Harley Park Parker was a renaissance man; a physician, an ambidextrous golfer, a billiard player who trained champions, in addition to being a major league pitcher—he was 5-8 with a 5.90 ERA in parts of four seasons with the Chicago Colts and Cincinnati Reds.

He is also responsible for what might be the worst single game pitching performance in professional baseball history.

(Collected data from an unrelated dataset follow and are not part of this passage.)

(* Let $L$ be recognized by a parity automaton with costs $\mathcal{A}$ over an alphabet $\Sigma_I\times\Sigma_O$ with $n$ states and $k$ colors. If Player $O$ wins $\Gamma_f(L)$ for some delay function $f$, then she also wins $\Gamma_f(L)$ for the constant delay function $f$ with $f(0)=2^{2n^4k^2+1}$.
   Context: A parity automaton with costs is a tuple $\mathcal{A}=(Q,\Sigma,q_I,\delta,\Omega,\mathrm{Cst})$ with a finite set $Q$ of states, a finite alphabet $\Sigma$, an initial state $q_I$, a deterministic complete transition function $\delta\colon Q\times\Sigma\to Q$, a coloring $\Omega\colon Q\to\mathbb{N}$, and a cost function $\mathrm{Cst}$ assigning to every transition $(q,a,\delta(q,a))$ either $\epsilon$ or $\mathtt{i}$ (increment-transition). Throughout, $\Omega(Q)$ contains both an even and an odd color; the number of colors is $|\Omega(Q)|$. The run on $a_0a_1\cdots$ is $(q_0,a_0,q_1)(q_1,a_1,q_2)\cdots$ with $q_0=q_I$, $q_{j+1}=\delta(q_j,a_j)$; the cost of a finite run is its number of increment-transitions. For odd $c$, $\mathrm{Ans}(c)=\{c'\in\Omega(Q)\mid c'>c,\ c'\text{ even}\}$. For an infinite run $\rho$ and $n$, $\mathrm{Cor}(\rho,n)=0$ if $\Omega(q_n)$ is even, and otherwise it is the minimal cost of $(q_n,a_n,q_{n+1})\cdots(q_{n'-1},a_{n'-1},q_{n'})$ over $n'>n$ with $\Omega(q_{n'})\in\mathrm{Ans}(\Omega(q_n))$ ($\min\emptyset=\infty$). The run is accepting if $\limsup_n\mathrm{Cor}(\rho,n)<\infty$; $L(\mathcal{A})$ is the set of infinite words whose run is accepting. A delay function is a map $f\colon\mathbb{N}\to\mathbb{N}\setminus\{0\}$; it is constant if $f(i)=1$ for every $i>0$. For $L\subseteq(\Sigma_I\times\Sigma_O)^\omega$, the delay game $\Gamma_f(L)$ is played in rounds $i=0,1,2,\ldots$: in round $i$, Player $I$ picks $u_i\in\Sigma_I^{f(i)}$, then Player $O$ picks $v_i\in\Sigma_O$. Player $O$ wins the play if the outcome, i.e., the word over $\Sigma_I\times\Sigma_O$ pairing $u_0u_1u_2\cdots$ and $v_0v_1v_2\cdots$ letterwise, is in $L$; otherwise Player $I$ wins. A strategy for Player $I$ is a map $\tau_I\colon\Sigma_O^*\to\Sigma_I^*$ with $|\tau_I(w)|=f(|w|)$; a strategy for Player $O$ is a map $\tau_O\colon\Sigma_I^*\to\Sigma_O$. A play is consistent with $\tau_I$ if $u_i=\tau_I(v_0\cdots v_{i-1})$ for all $i$, and with $\tau_O$ if $v_i=\tau_O(u_0\cdots u_i)$ for all $i$. A strategy is winning if every consistent play is won by its owner; a player wins the game if she has a winning strategy. *)

From mathcomp Require Import all_boot.
Set Implicit Arguments. Unset Strict Implicit. Unset Printing Implicit Defensive.

(* Parity automaton with costs over alphabet Sigma, with state set Q.
   cst q a = true iff the transition (q, a, delta q a) is an increment-transition. *)
Record pac (Q Sigma : finType) := Pac {
  qI : Q;
  delta : Q -> Sigma -> Q;
  Omega : Q -> nat;
  cst : Q -> Sigma -> bool
}.

Section Auto.
Variables (Q Sigma : finType) (A : pac Q Sigma).

Definition nstates := #|Q|.
Definition ncolors := size (undup [seq Omega A q | q <- enum Q]).

Definition has_even_and_odd_color :=
  (exists q, odd (Omega A q)) /\ (exists q, ~~ odd (Omega A q)).

Fixpoint run_state (w : nat -> Sigma) (n : nat) : Q :=
  match n with
  | 0 => qI A
  | n'.+1 => delta A (run_state w n') (w n')
  end.

Definition seg_cost (w : nat -> Sigma) (n n' : nat) : nat :=
  \sum_(n <= j < n') (cst A (run_state w j) (w j) : nat).

(* Cor(rho, n) <= b  (with min over the empty set = infinity) *)
Definition cor_le (w : nat -> Sigma) (n b : nat) : Prop :=
  ~~ odd (Omega A (run_state w n)) \/
  exists n', [/\ n < n', ~~ odd (Omega A (run_state w n')),
                 Omega A (run_state w n) < Omega A (run_state w n')
               & seg_cost w n n' <= b].

(* limsup_n Cor(rho, n) < infinity *)
Definition accepting (w : nat -> Sigma) : Prop :=
  exists b N, forall n, N <= n -> cor_le w n b.

Definition lang : (nat -> Sigma) -> Prop := accepting.
End Auto.

Definition delay_fun (f : nat -> nat) : Prop := forall i, 0 < f i.
Definition constant_delay (f : nat -> nat) : Prop := forall i, 0 < i -> f i = 1.

Section Game.
Variables (SI SO : finType).

(* w is the outcome of the play (u_i, v_i)_i : the word pairing u_0 u_1 ... with
   v_0 v_1 ... letterwise.  (The first j+1 blocks contain at least j+1 letters,
   since every block is nonempty; the default of nth is irrelevant.) *)
Definition outcome (u : nat -> seq SI) (v : nat -> SO) (w : nat -> SI * SO) : Prop :=
  forall j, (w j).2 = v j /\
            (w j).1 = nth (w j).1 (flatten [seq u l | l <- iota 0 j.+1]) j.

Definition winsO (f : nat -> nat) (L : (nat -> SI * SO) -> Prop) : Prop :=
  exists tauO : seq SI -> SO,
    forall (u : nat -> seq SI) (v : nat -> SO),
      (forall i, size (u i) = f i) ->
      (forall i, v i = tauO (flatten [seq u l | l <- iota 0 i.+1])) ->
      forall w, outcome u v w -> L w.
End Game.

From mathcomp Require Import all_boot zify.
From Stdlib Require Import ClassicalEpsilon.
Set Implicit Arguments. Unset Strict Implicit. Unset Printing Implicit Defensive.

(* A run segment is summarised by its last state, whether it takes an
   increment-transition, its highest request (odd colour) left unanswered
   inside the segment, and its highest even colour.  The profile of an input
   word x is the set of pairs (start state, summary) that Player O can realise
   by choosing the outputs for x; there are at most l := 2^(2 n^4 k^2) profiles,
   so every input block of length l has the profile of arbitrarily long words.
   With lookahead 2l, Player O cuts the input into blocks of length l, replaces
   each block by a word of the same profile that is long enough to absorb the
   delay of a given winning strategy tau for f, simulates tau on these pumped
   blocks, and answers every real block with outputs realising the summary of
   the corresponding simulated block.  Both runs then pass through the same
   summaries block by block, so a request pending at the end of a real block
   is answered in the real run inside the block where the simulated run
   answers it, at cost at most l times (simulated cost + 2). *)

Section FlattenIota.
Variables (T : Type) (F : nat -> seq T).
Local Notation prefix n := (flatten [seq F t | t <- iota 0 n]).

Lemma flatten_iotaS n : prefix n.+1 = prefix n ++ F n.
Proof. by rewrite -addn1 iotaD map_cat flatten_cat /= cats0. Qed.

Lemma flatten_iota_prefix m n : m <= n -> exists r, prefix n = prefix m ++ r.
Proof. by move=> /subnKC <-; rewrite iotaD map_cat flatten_cat; eexists. Qed.

Lemma nth_flatten_iota x0 m n p :
  m <= n -> p < size (prefix m) -> nth x0 (prefix n) p = nth x0 (prefix m) p.
Proof. by move=> /flatten_iota_prefix[r ->] lt_p; rewrite nth_cat lt_p. Qed.

End FlattenIota.

Lemma increasing_cover (P : nat -> nat) :
  P 0 = 0 -> (forall n, P n < P n.+1) -> forall p, exists i, P i <= p < P i.+1.
Proof.
move=> P0 incrP; elim=> [|p [i /andP[le_ip lt_pi]]]; first by exists 0; have := incrP 0; rewrite P0.
have [lt_p1|eq_p1] : p.+1 < P i.+1 \/ p.+1 = P i.+1 by lia.
  by exists i; rewrite lt_p1 andbT leqW.
by exists i.+1; rewrite eq_p1 leqnn incrP.
Qed.

Section Run.
Variables (Sig Q : finType) (A : pac Q Sig) (w : nat -> Sig).

Lemma seg_cost_cat a b c :
  a <= b -> b <= c -> seg_cost A w a c = seg_cost A w a b + seg_cost A w b c.
Proof. exact: big_cat_nat. Qed.

Lemma leq_seg_cost a b a' b' :
  a' <= a -> a <= b -> b <= b' -> seg_cost A w a b <= seg_cost A w a' b'.
Proof.
move=> le_a'a le_ab le_bb'.
rewrite (seg_cost_cat le_a'a (leq_trans le_ab le_bb')) (seg_cost_cat le_ab le_bb').
by rewrite addnC -addnA leq_addr.
Qed.

Lemma seg_cost_le_length a b : seg_cost A w a b <= b - a.
Proof.
rewrite -[b - a]muln1 -sum_nat_const_nat.
by apply: leq_sum => j _; apply: leq_b1.
Qed.

Lemma run_state_foldl n :
  run_state A w n = foldl (delta A) (qI A) [seq w t | t <- iota 0 n].
Proof. by elim: n => [|n IH] //; rewrite -[in RHS]addn1 iotaD map_cat foldl_cat -IH. Qed.

End Run.

(* last state, increment seen, highest open request, highest even state *)
Notation summary Q := (Q * bool * option Q * option Q)%type.

Section Summary.
Variables (Sig Q : finType) (A : pac Q Sig).
Local Notation Om := (Omega A).

Definition summary_init (q : Q) : summary Q := (q, false, None, None).

Definition summary_step (s : summary Q) (a : Sig) : summary Q :=
  let: (q, incr, P, E) := s in
  let c := Om q in
  (delta A q a, incr || cst A q a,
   if odd c then (if P is Some p then (if c < Om p then Some p else Some q) else Some q)
   else (if P is Some p then (if Om p < c then None else Some p) else None),
   if odd c then E else (if E is Some e then (if c < Om e then Some e else Some q) else Some q)).

Definition last_state (s : summary Q) := let: (q, _, _, _) := s in q.
Definition has_incr (s : summary Q) := let: (_, incr, _, _) := s in incr.
Definition pending (s : summary Q) := let: (_, _, P, _) := s in P.
Definition max_even (s : summary Q) := let: (_, _, _, E) := s in E.

Variable w : nat -> Sig.
Local Notation rs := (run_state A w).

Definition block_summary a d :=
  foldl summary_step (summary_init (rs a)) [seq w t | t <- iota a d].

Lemma block_summaryS a d :
  block_summary a d.+1 = summary_step (block_summary a d) (w (a + d)).
Proof. by rewrite /block_summary -addn1 iotaD map_cat foldl_cat. Qed.

Lemma last_state_block_summary a d : last_state (block_summary a d) = rs (a + d).
Proof.
elim: d => [|d IH]; first by rewrite addn0.
rewrite block_summaryS addnS /=; move: IH.
by case: (block_summary a d) => [[[q incr] P] E] /= <-.
Qed.

Lemma has_incr_block_summary a d :
  has_incr (block_summary a d) = (0 < seg_cost A w a (a + d)).
Proof.
elim: d => [|d IH]; first by rewrite addn0 /seg_cost big_geq.
rewrite block_summaryS addnS /seg_cost big_nat_recr ?leq_addr //= addn_gt0 -/(seg_cost _ _ _ _).
rewrite -IH -last_state_block_summary.
by case: (block_summary a d) => [[[q incr] P] E] /=; rewrite lt0b.
Qed.

Lemma seg_cost_le_sum_incr_blocks l a b :
  seg_cost A w (a * l) (b * l) <= l * \sum_(a <= j < b) has_incr (block_summary (j * l) l).
Proof.
elim: b => [|b IH]; first by rewrite /seg_cost big_geq.
have [le_ab|lt_ba] := leqP a b; last by rewrite /seg_cost big_geq // leq_mul2r lt_ba orbT.
rewrite big_nat_recr //= mulnDr mulSnr (seg_cost_cat _ _ (leq_mul le_ab (leqnn l)) (leq_addr l _)).
rewrite leq_add // has_incr_block_summary.
have := seg_cost_le_length A w (b * l) (b * l + l); rewrite addKn.
by case: (seg_cost _ _ _ _) => //= c; rewrite muln1.
Qed.

Lemma sum_incr_blocks_le_seg_cost (P : nat -> nat) a b :
  {homo P : m n / m <= n} ->
  \sum_(a <= j < b) has_incr (block_summary (P j) (P j.+1 - P j)) <= seg_cost A w (P a) (P b).
Proof.
move=> homoP; elim: b => [|b IH]; first by rewrite big_geq.
have [le_ab|lt_ba] := leqP a b; last by rewrite big_geq.
rewrite big_nat_recr //= (seg_cost_cat _ _ (homoP _ _ le_ab) (homoP _ _ (leqnSn b))).
by rewrite leq_add // has_incr_block_summary subnKC ?homoP //; case: (seg_cost _ _ _ _).
Qed.

Lemma max_even_block_summary_witness a d e :
  max_even (block_summary a d) = Some e ->
  exists2 t, a <= t < a + d & Om (rs t) = Om e /\ ~~ odd (Om e).
Proof.
elim: d => [|d IH] //; have := last_state_block_summary a d.
rewrite block_summaryS; move: IH.
case: (block_summary a d) => [[[q incr] P] E] /= IH ->.
have widen t : a <= t < a + d -> a <= t < a + d.+1 by lia.
case: ifP => [_ /IH [t /widen]|q_even]; first by exists t.
have last_even : exists2 t, a <= t < a + d.+1 &
    Om (rs t) = Om (rs (a + d)) /\ ~~ odd (Om (rs (a + d))).
  by exists (a + d); [lia | rewrite q_even].
case: E IH => [e0|] IH; last by case=> <-.
case: ifP => _ [e0e]; subst e; last exact: last_even.
by have [t /widen] := IH erefl; exists t.
Qed.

The 22-year-old Parker was pitching for the Grand Rapids Rippers (several newspapers in other in the other Western League cities called the team the Rustlers) against the Kansas City Blues (newspapers were split between referring to the club as the Blues or the Cowboys) on July 25, 1894.

Harley Parker circa 1895

Harley Parker circa 1895

The Kansas City Gazette said:

“The ball bats of the Kansas City Blues in the game against Grand Rapids collided with Pitcher Parker’s curves thirty-nine times yesterday, and yielded as many runs.”

The Blues actually had thirty-eight hits, to go along with 13 Grand Rapids errors.

The Kansas City Star said:

“(The Blues) hit him at will yesterday, for singles, doubles, triples and home runs.  It was a slugging match, the like of which had never before been seen in a professional game at Exposition Park, and while the Rustlers did some very sloppy fielding, there was world of free, sharp and hard hitting.”

Every member of the Kansas City line up had at least two hits, and three players, Sam Nicholl, Ollie Beard, and pitcher Pete Daniels, collected six each.

The final score was 39 to 10.

The Box Score Grand Rapids vs Kansas City

The Box Score Grand Rapids vs Kansas City

The game was indicative of Parker’s season; he finished with a 15-18 record with a 6.23 ERA—in addition to the 193 earned runs he gave up in 278.2 innings, his team gave him horrible support, and he allowed 194 unearned runs.

Parker had a similarly disastrous day as a major leaguer seven years later.  While pitching for the Reds against the Brooklyn Superbas on June 21, 1901 Parker allowed 21 runs on 26 hits in a complete game loss—“Wee Willie” Keeler was 5 for 5 with a rare home run (he hit just 33 during his 19-year career).

The Box Score Cincinnati vs Brooklyn

The Box Score Cincinnati vs Brooklyn

During his five minor league seasons Parker was only above.500 once; 5-4 in 1898 with the Minneapolis Millers; he was 5-8 as a major leaguer.

Parker briefly owned a Central League franchise in 1911, the club moved from Grand Rapids, Michigan to South Bend, Indiana, but even with the move he was forced to sell the team at mid-season because of financial difficulties.

That same year he also had a short stint as an umpire that ended with a trip to the United States Capitol.

In August, after one of Umpire Jack Sheridan’s frequent resignations—he returned to his position days later—American League President Ban Johnson hired Parker to the league staff.

Less than a month into his tenure Parker was on the field for one of William Herman “Germany” Schaefer’s stunts.  On August 4, Schaefer’s Washington Senators were playing the Chicago White Sox.  With the score tied in the ninth inning Schaefer stole second, hoping to draw a throw to allow Clyde Milan to score from third base; Sox catcher Fred Payne did not throw to second.  Schaefer then led off second base on the first-base side and returned to first on the next pitch.

The Washington Herald said:

“Umpire Harley Parker, who was officiating on the bases, was near first at the time.  When he saw Schaefer coming back to first Parker accosted the comedian ball player with the query: ‘What are you doing here?’

“’I have stolen second.  Now I am stealing first,’ said the Nationals’ troublemaker.

“’Well, if you stay down here I’ll call you out,’ said Parker.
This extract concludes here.